What the task asks. Every line below should be copied out exactly.

The data.
<<<<

Let nbX (m : vert G) := [set w in X | adj m w].

Let pair m := odflt set0 [pick P : {set vert G} | (P \subset nbX m) && (#|P| == 2)].

Lemma pair_spec m : m \in M -> pair m \subset nbX m /\ #|pair m| = 2.
Proof.
move=> mM; rewrite /pair; case: pickP => [P /andP [-> /eqP] // | no_pair].
have /card_gt1P [a [b [aN bN ab]]] := M2 mM.
have /negP [] := no_pair [set a; b].
by rewrite cards2 ab andbT; apply/subsetP => w /set2P [] ->.
Qed.

Lemma pair_fibre_K2 s m : m \in M ->
  s <= #|[set m' in M | pair m' == pair m]| -> subgraph_of (K 2 s) G.
Proof.
move=> mM; have [_ /eqP/cards2P [a [b [ab pair_ab]]]] := pair_spec mM.
move/(K2_subgraph ab); apply=> m'; rewrite inE => /andP [m'M /eqP].
rewrite pair_ab => pair_m'; have [+ _] := pair_spec m'M.
by rewrite pair_m' subUset !sub1set !inE => /andP [/andP [_ ->] /andP [_ ->]].
Qed.

Lemma card_le_pairs s : ~ subgraph_of (K 2 s) G -> #|M| <= s * #|pair @: M|.
Proof.
move=> noK; rewrite -sum1_card (partition_big_imset pair) mulnC -sum_nat_const.
apply: leq_sum => _ /imsetP [m mM ->]; rewrite sum1_card leqNgt.
apply/negP => /ltnW fibre_large; apply: noK; apply: (pair_fibre_K2 mM).
by apply: leq_trans fibre_large _; apply: subset_leq_card; apply/subsetP => m'; rewrite !inE.
Qed.

Let R a b := (a != b) && [exists m in M, pair m == [set a; b]].

Lemma R_sym : symmetric R.
Proof. by move=> a b; rewrite /R eq_sym setUC. Qed.

Lemma R_irr : irreflexive R.
Proof. by move=> a; rewrite /R eqxx. Qed.

Lemma card_pairs_le : #|pair @: M| <= \sum_(a in X) deg_in R X a.
Proof.
rewrite sum_deg_in_card; apply: leq_trans (leq_imset_card (fun p => [set p.1; p.2]) _).
apply: subset_leq_card; apply/subsetP => _ /imsetP [m mM ->].
have [+ /eqP/cards2P [a [b [ab pair_ab]]]] := pair_spec mM.
rewrite pair_ab subUset !sub1set !inE => /andP [/andP [aX _] /andP [bX _]].
apply/imsetP; exists (a, b) => //=; rewrite inE /= aX bX /R ab.
by apply/exists_inP; exists m; rewrite // pair_ab.
Qed.

Lemma subdivision_pairs_subgraph (Y : {set vert G}) :
  Y \subset X -> subgraph_of (subdivision (induced R_sym R_irr Y)) G.
Proof.
move=> YX; set H := induced R_sym R_irr Y.
have mid_spec (e : edge_t H) : exists m, (m \in M) && (pair m == val @: val e).
  case/existsP: (valP e) => u /existsP [v /andP [/andP [_] /exists_inP [m mM pair_m] /eqP ->]].
  by exists m; rewrite mM imsetU !imset_set1.
pose mid e := xchoose (mid_spec e).
have [midM pair_mid] : (forall e, mid e \in M) /\ (forall e, pair (mid e) = val @: val e).
  by split=> e; have /andP [? /eqP] := xchooseP (mid_spec e).
apply: (@subdivision_subgraph H G (fun u => val u) mid); first exact: val_inj.
- move=> e e' /(congr1 pair); rewrite !pair_mid => /(imset_inj val_inj).
  exact: val_inj.
- move=> u e; apply: contraTneq (MX (midM e)) => <-.
  by rewrite negbK (subsetP YX _ (valP u)).
- move=> u e ue; have [+ _] := pair_spec (midM e); rewrite pair_mid.
  by move/subsetP/(_ _ (imset_f val ue)); rewrite inE adj_sym => /andP [].
Qed.

Lemma subdivision_of_K2_free s k : X != set0 -> (k.*2 * s + 1) * #|X| <= #|M| ->
  ~ subgraph_of (K 2 s) G ->
  exists H, [/\ 0 < #|vert H|, mindeg_ge H k & subgraph_of (subdivision H) G].
Proof.
move=> X0 M_large /card_le_pairs M_le.
have dense : k.*2 * #|X| < \sum_(a in X) deg_in R X a.
  have := card_pairs_le; have : 0 < #|X| by rewrite card_gt0.
  by move: M_large M_le; nia.
have [Y YX [/set0Pn [y yY] Ymin]] := dense_subset R_sym R_irr dense.
exists (induced R_sym R_irr Y); split; last exact: subdivision_pairs_subgraph.
- by apply/card_gt0P; exists (exist _ y yY).
- by move=> u; rewrite deg_induced; apply/ltnW/Ymin/(valP u).
Qed.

>>>>

Answer box.
Let nbX (m : vert G) := [set w in X | adj m w].

Let pair m := odflt set0 [pick P : {set vert G} | (P \subset nbX m) && (#|P| == 2)].

Lemma pair_spec m : m \in M -> pair m \subset nbX m /\ #|pair m| = 2.
Proof.
move=> mM; rewrite /pair; case: pickP => [P /andP [-> /eqP] // | no_pair].
have /card_gt1P [a [b [aN bN ab]]] := M2 mM.
have /negP [] := no_pair [set a; b].
by rewrite cards2 ab andbT; apply/subsetP => w /set2P [] ->.
Qed.

Lemma pair_fibre_K2 s m : m \in M ->
  s <= #|[set m' in M | pair m' == pair m]| -> subgraph_of (K 2 s) G.
Proof.
move=> mM; have [_ /eqP/cards2P [a [b [ab pair_ab]]]] := pair_spec mM.
move/(K2_subgraph ab); apply=> m'; rewrite inE => /andP [m'M /eqP].
rewrite pair_ab => pair_m'; have [+ _] := pair_spec m'M.
by rewrite pair_m' subUset !sub1set !inE => /andP [/andP [_ ->] /andP [_ ->]].
Qed.

Lemma card_le_pairs s : ~ subgraph_of (K 2 s) G -> #|M| <= s * #|pair @: M|.
Proof.
move=> noK; rewrite -sum1_card (partition_big_imset pair) mulnC -sum_nat_const.
apply: leq_sum => _ /imsetP [m mM ->]; rewrite sum1_card leqNgt.
apply/negP => /ltnW fibre_large; apply: noK; apply: (pair_fibre_K2 mM).
by apply: leq_trans fibre_large _; apply: subset_leq_card; apply/subsetP => m'; rewrite !inE.
Qed.

Let R a b := (a != b) && [exists m in M, pair m == [set a; b]].

Lemma R_sym : symmetric R.
Proof. by move=> a b; rewrite /R eq_sym setUC. Qed.

Lemma R_irr : irreflexive R.
Proof. by move=> a; rewrite /R eqxx. Qed.

Lemma card_pairs_le : #|pair @: M| <= \sum_(a in X) deg_in R X a.
Proof.
rewrite sum_deg_in_card; apply: leq_trans (leq_imset_card (fun p => [set p.1; p.2]) _).
apply: subset_leq_card; apply/subsetP => _ /imsetP [m mM ->].
have [+ /eqP/cards2P [a [b [ab pair_ab]]]] := pair_spec mM.
rewrite pair_ab subUset !sub1set !inE => /andP [/andP [aX _] /andP [bX _]].
apply/imsetP; exists (a, b) => //=; rewrite inE /= aX bX /R ab.
by apply/exists_inP; exists m; rewrite // pair_ab.
Qed.

Lemma subdivision_pairs_subgraph (Y : {set vert G}) :
  Y \subset X -> subgraph_of (subdivision (induced R_sym R_irr Y)) G.
Proof.
move=> YX; set H := induced R_sym R_irr Y.
have mid_spec (e : edge_t H) : exists m, (m \in M) && (pair m == val @: val e).
  case/existsP: (valP e) => u /existsP [v /andP [/andP [_] /exists_inP [m mM pair_m] /eqP ->]].
  by exists m; rewrite mM imsetU !imset_set1.
pose mid e := xchoose (mid_spec e).
have [midM pair_mid] : (forall e, mid e \in M) /\ (forall e, pair (mid e) = val @: val e).
  by split=> e; have /andP [? /eqP] := xchooseP (mid_spec e).
apply: (@subdivision_subgraph H G (fun u => val u) mid); first exact: val_inj.
- move=> e e' /(congr1 pair); rewrite !pair_mid => /(imset_inj val_inj).
  exact: val_inj.
- move=> u e; apply: contraTneq (MX (midM e)) => <-.
  by rewrite negbK (subsetP YX _ (valP u)).
- move=> u e ue; have [+ _] := pair_spec (midM e); rewrite pair_mid.
  by move/subsetP/(_ _ (imset_f val ue)); rewrite inE adj_sym => /andP [].
Qed.

Lemma subdivision_of_K2_free s k : X != set0 -> (k.*2 * s + 1) * #|X| <= #|M| ->
  ~ subgraph_of (K 2 s) G ->
  exists H, [/\ 0 < #|vert H|, mindeg_ge H k & subgraph_of (subdivision H) G].
Proof.
move=> X0 M_large /card_le_pairs M_le.
have dense : k.*2 * #|X| < \sum_(a in X) deg_in R X a.
  have := card_pairs_le; have : 0 < #|X| by rewrite card_gt0.
  by move: M_large M_le; nia.
have [Y YX [/set0Pn [y yY] Ymin]] := dense_subset R_sym R_irr dense.
exists (induced R_sym R_irr Y); split; last exact: subdivision_pairs_subgraph.
- by apply/card_gt0P; exists (exist _ y yY).
- by move=> u; rewrite deg_induced; apply/ltnW/Ymin/(valP u).
Qed.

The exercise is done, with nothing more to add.